Hint: Use OpenMP tasks or implement your own thread pool with pthreads.
Exercise 3: Benchmark Different Parallel Strategies for Tensor Transposition
Implement and benchmark different parallel strategies for tensor transposition, including:
- Row-parallel transposition
- Block-parallel transposition
- Cache-oblivious recursive transposition
Compare their performance for different tensor sizes and numbers of threads.
Partial solution:
/* Row-parallel transposition */
int tensor_transpose_row_parallel(tensor_t *result, const tensor_t *t) {
/* Create result tensor with swapped dimensions */
int status = tensor_create_ts(result, t->cols, t->rows);
if (status != TENSOR_SUCCESS) {
return status;
}
/* Transpose in parallel by rows */
#pragma omp parallel for if(t->rows > 100)
for (size_t i = 0; i < t->rows; i++) {
for (size_t j = 0; j < t->cols; j++) {
size_t src_idx = i * t->row_stride + j * t->col_stride;
size_t dst_idx = j * result->row_stride + i * result->col_stride;
result->data[dst_idx] = t->data[src_idx];
}
}
return TENSOR_SUCCESS;
}
/* Block-parallel transposition */
int tensor_transpose_block_parallel(tensor_t *result, const tensor_t *t, size_t block_size) {
/* Create result tensor with swapped dimensions */
int status = tensor_create_ts(result, t->cols, t->rows);
if (status != TENSOR_SUCCESS) {
return status;
}
/* If block_size is 0, use a default */
if (block_size == 0) {
block_size = 64;
}
/* Calculate number of blocks */
size_t num_row_blocks = (t->rows + block_size - 1) / block_size;
size_t num_col_blocks = (t->cols + block_size - 1) / block_size;
/* Transpose in parallel by blocks */
#pragma omp parallel for collapse(2) if(num_row_blocks * num_col_blocks > 4)

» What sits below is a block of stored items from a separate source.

Definition answers {G1 G2 : Type} (o1 : G1 -> list G1) (o2 : G2 -> list G2)
  (x : G1) (y : G2) (r : bool * nat * bool) : Prop :=
  let '(i, n, b) := r in
  (if i then nimber_of o1 x n else nimber_of o2 y n) /\
  (b = true <-> exists m, nimber_of o1 x m /\ nimber_of o2 y m).

Section SolutionTree.
Variables (G1 G2 : Type) (o1 : G1 -> list G1) (o2 : G2 -> list G2).
Hypotheses (w1 : game_wf o1) (w2 : game_wf o2).
Variable S : G1 * G2 -> Prop.

Local Notation sum := (sum_opts o1 o2).

Hypothesis S_losing_closed :
  forall p, S p -> losing sum p -> forall q, is_option sum p q -> S q.
Local Notation E := (sol_edges o1 o2 S).
Local Notation L := (sol_losing o1 o2 S).

Lemma answersE (x : G1) (y : G2) (i : bool) (n : nat) (b : bool) :
  answers o1 o2 x y (i, n, b) <->
  (n = if i then nim o1 x else nim o2 y) /\ b = (nim o1 x =? nim o2 y).
Proof.
  unfold answers. rewrite (Bool.eq_iff_eq_true b (_ =? _)), Nat.eqb_eq.
  assert (Hagree : (exists m, nimber_of o1 x m /\ nimber_of o2 y m) <-> nim o1 x = nim o2 y).
  { split.
    - intros [m [H1 H2]]. rewrite <- (nimber_of_nimE w1 H1). exact (nimber_of_nimE w2 H2).
    - intros Heq. exists (nim o1 x). split; [|rewrite Heq]; apply nimber_of_nim; assumption. }
  rewrite Hagree. apply and_iff_compat_r.
  destruct i; split; intros H.
  - exact (nimber_of_nimE w1 H).
  - rewrite H. exact (nimber_of_nim w1 x).
  - exact (nimber_of_nimE w2 H).
  - rewrite H. exact (nimber_of_nim w2 y).
Qed.

Lemma move1_sol_edges (x x' : G1) (y y' : G2) :
  move1 E (x, y) (x', y') -> is_option o1 x x' /\ y' = y.
Proof.
  intros [[_ [_ Ho]] Hsnd]. simpl in Hsnd. subst y'.
  apply is_option_sum_iff in Ho.
  destruct Ho as [[z [Hz Eq]]|[z [Hz Eq]]]; injection Eq; intros; subst; [auto|].
  exfalso. exact (option_irrefl w2 Hz).
Qed.

Lemma move2_sol_edges (x x' : G1) (y y' : G2) :
  move2 E (x, y) (x', y') -> is_option o2 y y' /\ x' = x.
Proof.
  intros [[_ [_ Ho]] Hfst]. simpl in Hfst. subst x'.
  apply is_option_sum_iff in Ho.
  destruct Ho as [[z [Hz Eq]]|[z [Hz Eq]]]; injection Eq; intros; subst; [|auto].
  exfalso. exact (option_irrefl w1 Hz).
Qed.

Lemma move1_of_losing (x x' : G1) (y : G2) :
  L (x, y) -> is_option o1 x x' -> move1 E (x, y) (x', y).
Proof.
  intros [Sp Lp] Hx'.
  assert (Ho : is_option sum (x, y) (x', y)) by (apply is_option_sum_iff; left; eauto).
  repeat split; auto. exact (S_losing_closed Sp Lp Ho).
Qed.

Lemma inferred_sound (p : G1 * G2) (r : bool * nat * bool) :
  inferred E L p r -> answers o1 o2 (fst p) (snd p) r.
Proof.
  induction 1 as [[x y] [x' y'] i m b Hq [_ Lq] _ IH | [x y] [x' y'] i m b Hq [_ Lq] _ IH
                 | [x y] [x' y'] m b [_ Lp] Hq _ IH | [x y] n g bb Lp _ IH Hneq Hbelow];
    cbn [fst snd] in *; apply answersE.
  - destruct (move1_sol_edges Hq) as [_ ->].
    apply answersE in IH. destruct IH as [Hm _].
    assert (Wp : winning sum (x, y)) by exact (WinningI _ (proj2 (proj2 (proj1 Hq))) Lq).
    apply (losing_sum_iff w1 w2) in Lq. apply (winning_sum_iff w1 w2) in Wp.
    split; [destruct i; congruence|].
    symmetry. apply Nat.eqb_neq. exact Wp.
  - destruct (move2_sol_edges Hq) as [_ ->].
    apply answersE in IH. destruct IH as [Hm _].
    assert (Wp : winning sum (x, y)) by exact (WinningI _ (proj2 (proj2 (proj1 Hq))) Lq).
    apply (losing_sum_iff w1 w2) in Lq. apply (winning_sum_iff w1 w2) in Wp.
    split; [destruct i; congruence|].
    symmetry. apply Nat.eqb_neq. exact Wp.
  - destruct (move1_sol_edges Hq) as [_ ->].
    apply answersE in IH. destruct IH as [Hm _].
    apply (losing_sum_iff w1 w2) in Lp.
    split; [exact Hm|]. symmetry. apply Nat.eqb_eq. exact Lp.
  - assert (Hg : forall x', is_option o1 x x' -> g (x', y) = nim o1 x').
    { intros x' Hx'. apply (proj1 (proj1 (answersE _ _ _ _ _) (IH _ (move1_of_losing Lp Hx')))). }
    assert (Hn : n = nim o1 x).
    { apply (nim_eq_of_mex w1).
      - intros x' Hx'. rewrite <- Hg by exact Hx'. exact (Hneq _ (move1_of_losing Lp Hx')).
      - intros k Hk. destruct (Hbelow k Hk) as [[x' y'] [Hq Hgk]].
        destruct (move1_sol_edges Hq) as [Hx' ->].
        exists x'. split; [exact Hx'|]. rewrite <- Hg by exact Hx'. exact Hgk. }
    destruct Lp as [_ Lp]. apply (losing_sum_iff w1 w2) in Lp.
    split; [exact Hn|]. symmetry. apply Nat.eqb_eq. exact Lp.
Qed.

for (size_t i0 = 0; i0 < t->rows; i0 += block_size) {
for (size_t j0 = 0; j0 < t->cols; j0 += block_size) {
size_t i_end = (i0 + block_size < t->rows) ? i0 + block_size : t->rows;
size_t j_end = (j0 + block_size < t->cols) ? j0 + block_size : t->cols;
/* Process current block */
for (size_t i = i0; i < i_end; i++) {
for (size_t j = j0; j < j_end; j++) {
size_t src_idx = i * t->row_stride + j * t->col_stride;
size_t dst_idx = j * result->row_stride + i * result->col_stride;
result->data[dst_idx] = t->data[src_idx];
}
}
}
}
return TENSOR_SUCCESS;
}
Summary and Key Takeaways
In this chapter, we’ve explored parallelizing tensor workloads with OpenMP:
- We implemented thread-safe tensor allocation and initialization to prevent race conditions.
- We parallelized core tensor operations using OpenMP directives, achieving significant speedups on multi-core systems.
- We addressed race conditions in accumulation operations using reduction clauses and thread-local storage.
- We explored techniques for balancing workloads across heterogeneous cores, including dynamic scheduling and manual load balancing.
Key takeaways:
- Thread Safety: Ensure your tensor infrastructure is thread-safe before parallelizing operations.
- Parallelization Strategy: Choose the right parallelization strategy based on the operation and data size.
- Race Conditions: Be vigilant about race conditions in accumulation operations and use appropriate synchronization mechanisms.
- Load Balancing: Use dynamic scheduling or manual load balancing to ensure efficient resource utilization.
- Overhead Awareness: Be mindful of parallelization overhead and only parallelize operations that benefit from it.
By effectively parallelizing tensor operations, you can achieve near-linear speedups on multi-core systems, dramatically improving the performance of your tensor programming applications.
In the next chapter, we’ll explore vectorizing tensor code with SIMD intrinsics to extract even more performance from modern CPUs.
Further Reading
-
“Using OpenMP: Portable Shared Memory Parallel Programming” by Barbara Chapman, Gabriele Jost, and Ruud van der Pas - A comprehensive guide to OpenMP programming.
-
“Patterns for Parallel Programming” by Timothy G. Mattson, Beverly A. Sanders, and Berna L. Massingill - Explores patterns and best practices for parallel programming.
-
“OpenMP Application Programming Interface” (official specification) - The definitive reference for OpenMP directives and functions.